Table 7: Key features of the different architectures evaluated on BEAST

Beside testing the software on the HPC architectures listed above, a complementary part of our benchmarking efforts has been to deploy it via Charliecloud HPC containers on the BEAST segments and compare the performance against the "bare metal" deployment. For a detailed description of our procedures and results we refer the reader to a forthcoming publication with title "Deploying Containerized QuantEX Quantum Simulation Software on HPC Systems", accepted for the 3rd International Workshop on Containers and New Orchestration Paradigms for Isolated Environments in HPC at Supercomputing 2021 (SC21), Sunday, November 14th, 2021.

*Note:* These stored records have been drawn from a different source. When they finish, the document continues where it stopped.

(* C(l, j) / C(l+3, j+3) = (j+1)(j+2)(j+3) / ((l+1)(l+2)(l+3)) <= ((j+3)/(l+3))^3. *)
Lemma binomial_shift3 l j : (j <= l)%N ->
  ('C(l, j) * l.+3 ^ 3 <= 'C(l.+3, j.+3) * j.+3 ^ 3)%N.
Proof.
move=> le_jl.
have E1 := mul_bin_diag l.+3 j.+2; have E2 := mul_bin_diag l.+2 j.+1.
have E3 := mul_bin_diag l.+1 j; simpl in E1, E2, E3.
move: E1 E2 E3.
set x := 'C(l, j); set y := 'C(l.+3, j.+3); set y2 := 'C(l.+2, j.+2).
set y1 := 'C(l.+1, j.+1) => E1 E2 E3.
have falling : (l.+3 * l.+2 * l.+1 * x = j.+3 * j.+2 * j.+1 * y)%N.
  have -> : (l.+3 * l.+2 * l.+1 * x = l.+3 * (l.+2 * (l.+1 * x)))%N by lia.
  rewrite E3 (_ : l.+2 * (j.+1 * y1) = j.+1 * (l.+2 * y1))%N; last by lia.
  rewrite E2 (_ : l.+3 * (j.+1 * (j.+2 * y2)) = j.+1 * j.+2 * (l.+3 * y2))%N; last by lia.
  by rewrite E1; lia.
have ratio : (j.+2 * l.+3 * (j.+1 * l.+3) <= j.+3 * l.+2 * (j.+3 * l.+1))%N.
  by apply: leq_mul; nia.
rewrite -(@leq_pmul2l (l.+2 * l.+1)) //.
have -> : (l.+2 * l.+1 * (x * l.+3 ^ 3) = l.+3 * l.+2 * l.+1 * x * l.+3 ^ 2)%N by lia.
rewrite falling.
have -> : (j.+3 * j.+2 * j.+1 * y * l.+3 ^ 2 = j.+3 * y * (j.+2 * l.+3 * (j.+1 * l.+3)))%N.
  by lia.
have -> : (l.+2 * l.+1 * (y * j.+3 ^ 3) = j.+3 * y * (j.+3 * l.+2 * (j.+3 * l.+1)))%N.
  by lia.
exact: leq_mul.
Qed.

(* The k-subsets of 'I_m containing a fixed 3-set T are the sets B :|: T with B a
   (k-3)-subset of ~: T; hence there are C(m-3, k-3) of them. *)
Lemma card_supersets m k (T : {set 'I_m}) : #|T| = 3%N -> (3 <= k)%N ->
  #|[set A : {set 'I_m} | (#|A| == k) && (T \subset A)]| = 'C(m - 3, k - 3).
Proof.
move=> cardT le3k.
pose U := [set B : {set 'I_m} | B \subset ~: T & #|B| == (k - 3)%N].
have cardU : #|U| = 'C(m - 3, k - 3).
  rewrite cards_draws; have := cardsC T; rewrite cardT card_ord => ?.
  by congr 'C(_, _); lia.
have disjT (B : {set 'I_m}) : B \subset ~: T -> B :&: T = set0.
  by rewrite subsets_disjoint setCK => /disjoint_setI0.
have -> : [set A : {set 'I_m} | (#|A| == k) && (T \subset A)] = [set B :|: T | B in U].
  apply/setP => A; rewrite inE; apply/idP/imsetP.
  - case/andP => /eqP cardA sTA; exists (A :\: T).
      by rewrite inE subsetDr /= cardsD (setIidPr sTA) cardA cardT.
    apply/setP => x; rewrite !inE.
    by case: (boolP (x \in T)) => [/(subsetP sTA) -> | _]; rewrite ?orbT ?orbF.
  - case=> B; rewrite inE => /andP[sBT /eqP cardB] ->.
    rewrite subsetUr andbT cardsU cardB cardT disjT // cards0; apply/eqP; lia.
have recover (B : {set 'I_m}) : B :&: T = set0 -> (B :|: T) :\: T = B.
  by move=> dBT; rewrite setDUl setDv setU0; apply/setDidPl; rewrite -setI_eq0 dBT.
rewrite card_in_imset // => B1 B2; rewrite !inE => /andP[/disjT dB1 _] /andP[/disjT dB2 _].
by move=> eqU; rewrite -(recover B1 dB1) eqU recover.
Qed.

Lemma card_supersets_le m k (T : {set 'I_m}) : #|T| = 3%N -> (k <= m)%N ->
  (#|[set A : {set 'I_m} | (#|A| == k) && (T \subset A)]| * m ^ 3 <= 'C(m, k) * k ^ 3)%N.
Proof.
move=> cardT le_km; have [lt_k3 | le3k] := ltnP k 3.
  rewrite (_ : #|_| = 0%N); first by rewrite mul0n.
  apply: eq_card0 => A; rewrite !inE.
  by apply/negP => /andP[/eqP cardA /subset_leq_card]; rewrite cardT cardA; lia.
rewrite card_supersets //.
have := @binomial_shift3 (m - 3) (k - 3) (leq_sub2r 3 le_km).
have e_m : (m - 3).+3 = m by lia.
have e_k : (k - 3).+3 = k by lia.
by rewrite e_m e_k.
Qed.

Lemma prob_superset m (P : nat -> R) k (T : {set 'I_m}) :
  #|T| = 3%N -> (k <= m)%N -> 0 <= P k ->
  \big[Rplus/0]_(A : {set 'I_m}) (set_weight P A * (ind (#|A| == k) * ind (T \subset A)))
  <= P k * (INR k / INR m) ^ 3.
Proof.
move=> cardT le_km Pk_ge0.
have m_gt0 : (0 < m)%N by have := card_set_le T; rewrite cardT; lia.
rewrite (eq_bigr (fun A : {set 'I_m} =>
   if (#|A| == k) && (T \subset A) then P k / INR 'C(m, k) else 0)); last first.
  by move=> A _; rewrite /ind /set_weight; case: eqP => [->|_]; case: (T \subset A) => /=; lra.
rewrite -big_mkcond Rsum_const (eq_card (fun A => esym (in_set _ A))).
have /leP/le_INR := card_supersets_le cardT le_km; rewrite !INR_muln.
set c := INR #|_|; have c_ge0 : 0 <= c by apply: pos_INR.
have Cpos : 0 < INR 'C(m, k) by apply: INR_pos; rewrite bin_gt0.
have mpos : 0 < INR m by apply: INR_pos.
move=> count_le; apply: (Rmult_le_reg_r (INR 'C(m, k) * INR m ^ 3)).
  by apply: Rmult_lt_0_compat => //; apply: pow_lt.
have -> : c * (P k / INR 'C(m, k)) * (INR 'C(m, k) * INR m ^ 3) = P k * (c * INR m ^ 3).
  by field; lra.
have -> : P k * (INR k / INR m) ^ 3 * (INR 'C(m, k) * INR m ^ 3) =
          P k * (INR 'C(m, k) * INR k ^ 3) by field; lra.
by apply: Rmult_le_compat_l => //=; lra.
Qed.

Section Labellings.
Variables (n m : nat).
Implicit Types (S : {set 'I_n}) (w : config n m) (L : {ffun 'I_n * 'I_n -> 'I_m}).

Definition pairs_of S : {set 'I_n * 'I_n} :=
  [set p | (p.1 \in S) && (p.2 \in S) && (p.1 < p.2)%N].

Definition sorted_pair (u v : 'I_n) : 'I_n * 'I_n := if (u < v)%N then (u, v) else (v, u).

Definition labels_at L S v : {set 'I_m} := [set L (sorted_pair v u) | u in S :\ v].

Definition locally_rainbow S L : bool := [forall v in S, #|labels_at L S v| == 3%N].

(* A 4-set has C(4, 2) = 6 pairs: p |-> [set p.1; p.2] embeds them into the 2-subsets. *)
Lemma card_pairs_of S : #|S| = 4%N -> (#|pairs_of S| <= 6)%N.
Proof.
move=> cardS; rewrite -[6%N]/'C(4, 2) -cardS -cards_draws.
have <- : #|[set [set p.1; p.2] | p in pairs_of S]| = #|pairs_of S|.
  apply: card_in_imset => -[a b] [c d]; rewrite !inE /= => /andP[_ lt_ab] /andP[_ lt_cd] eq2.
  have : a \in [set c; d] by rewrite -eq2 set21.
  have : b \in [set c; d] by rewrite -eq2 set22.
  have : c \in [set a; b] by rewrite eq2 set21.
  by rewrite !inE => /orP[]/eqP e1 /orP[]/eqP e2 /orP[]/eqP e3; subst; try done; lia.
apply/subset_leq_card/subsetP => _ /imsetP[[a b] + ->].
rewrite !inE /= => /andP[/andP[aS bS] lt_ab].
have neq_ab : a != b by apply: contraTneq lt_ab => ->; rewrite ltnn.
rewrite cards2 neq_ab eqxx andbT; apply/subsetP => x.
by rewrite !inE => /orP[]/eqP->.
Qed.

Lemma witnessP w S : rainbow_K4_witness w S ->
  #|S| = 4%N /\ exists g : {ffun 'I_n * 'I_n -> 'I_m}, forall u v, u \in S -> v \in S -> u != v ->
   [/\ g (u, v) = g (v, u), g (u, v) \in w u :&: w v &
       forall u' v', u' \in S -> v' \in S -> u' != v' -> g (u, v) = g (u', v') ->
         [set u; v] = [set u'; v']].
Proof.
case/and3P => /eqP cardS _ /existsP[g /forall_inP gP]; split => //; exists g.
move=> u v uS vS neq_uv; have /forall_inP/(_ v vS) := gP u uS; rewrite neq_uv /=.
case/and3P => /eqP g_sym g_in /forall_inP g_inj; split => // u' v' u'S v'S neq_uv' eq_g.
by have /forall_inP/(_ v' v'S) := g_inj u' u'S; rewrite neq_uv' eq_g eqxx /= => /eqP.
Qed.

(* A witness needs attributes, so m > 0. *)
Lemma witness_m_gt0 w S : rainbow_K4_witness w S -> (0 < m)%N.
Proof.
case/witnessP => cardS [g _]; have /card_gt0P[u _] : (0 < #|S|)%N by rewrite cardS.
by case: (g (u, u)) => x; apply: leq_ltn_trans.
Qed.

Lemma witness_labelling (y0 : 'I_m) w S : rainbow_K4_witness w S ->
  exists2 L, L \in pffun_on y0 (pairs_of S) setT &
    locally_rainbow S L && [forall v in S, labels_at L S v \subset w v].
Proof.
case/witnessP => cardS [g gP].
pose L := [ffun p => if p \in pairs_of S then g p else y0].
have L_sorted v u : v \in S -> u \in S -> u != v -> L (sorted_pair v u) = g (v, u).
  move=> vS uS neq_uv; rewrite /sorted_pair ffunE; case: ltnP => [lt_vu | le_uv].
    by rewrite inE /= vS uS lt_vu.
  have lt_uv : (u < v)%N by rewrite ltn_neqAle le_uv andbT -(inj_eq val_inj) /= in neq_uv *.
  by rewrite inE /= vS uS lt_uv; case: (gP u v uS vS neq_uv).
have labelsE v : v \in S -> labels_at L S v = [set g (v, u) | u in S :\ v].
  by move=> vS; apply: eq_in_imset => u; rewrite !inE => /andP[? ?]; apply: L_sorted.
exists L.
  apply/pffun_onP; split=> [|p _]; last by rewrite inE.
  by apply/subsetP => p; rewrite inE ffunE; case: ifP => // _; rewrite eqxx.
apply/andP; split; apply/forall_inP => v vS; rewrite labelsE //.
  rewrite card_in_imset; first by have := cardsD1 v S; rewrite vS cardS add1n => -[<-].
  move=> u1 u2; rewrite !inE => /andP[neq_u1v u1S] /andP[neq_u2v u2S] eq_g.
  have neq_vu1 : v != u1 by rewrite eq_sym.
  have neq_vu2 : v != u2 by rewrite eq_sym.
  case: (gP v u1 vS u1S neq_vu1) => _ _ /(_ v u2 vS u2S neq_vu2 eq_g) /setP/(_ u1).
  by rewrite !inE eqxx orbT (negbTE neq_u1v) /= => /esym/eqP.
apply/subsetP => x /imsetP[u]; rewrite !inE => /andP[neq_uv uS] ->.
by case: (gP v u vS uS); rewrite 1?eq_sym // inE => _ /andP[].
Qed.

End Labellings.

Section SizeConditioning.
Variables (n m : nat) (P : nat -> R).
Hypothesis HP : is_distr m P.
Implicit Types (S : {set 'I_n}) (w : config n m) (kk : {ffun 'I_n -> 'I_m.+1}).

(* The size vector kk prescribes |S_v| = kk v for v in S; off S it must vanish and
   constrains nothing, so every configuration matches exactly one size vector. *)
Definition size_match S (v : 'I_n) (k : nat) (A : {set 'I_m}) : R :=
  if v \in S then ind (#|A| == k) else ind (k == 0%N).

Definition sizes_match S kk w : R := \big[Rmult/1]_v size_match S v (kk v) (w v).

Definition sizes_prob S kk : R :=
  \big[Rmult/1]_v (if v \in S then P (kk v) else ind (nat_of_ord (kk v) == 0%N)).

The use of HPC specific containers significantly reduces the deployment effort of the software on different HPC systems. It is relatively simple to build, configure the quantum gate simulation software developed in Julia on multiple different HPC systems with different CPU architectures and instruction sets. In addition, we were also able to show that the runtime performance difference

for QXContexts between containerized and bare metal versions is negligible using the LIKWID profiling software.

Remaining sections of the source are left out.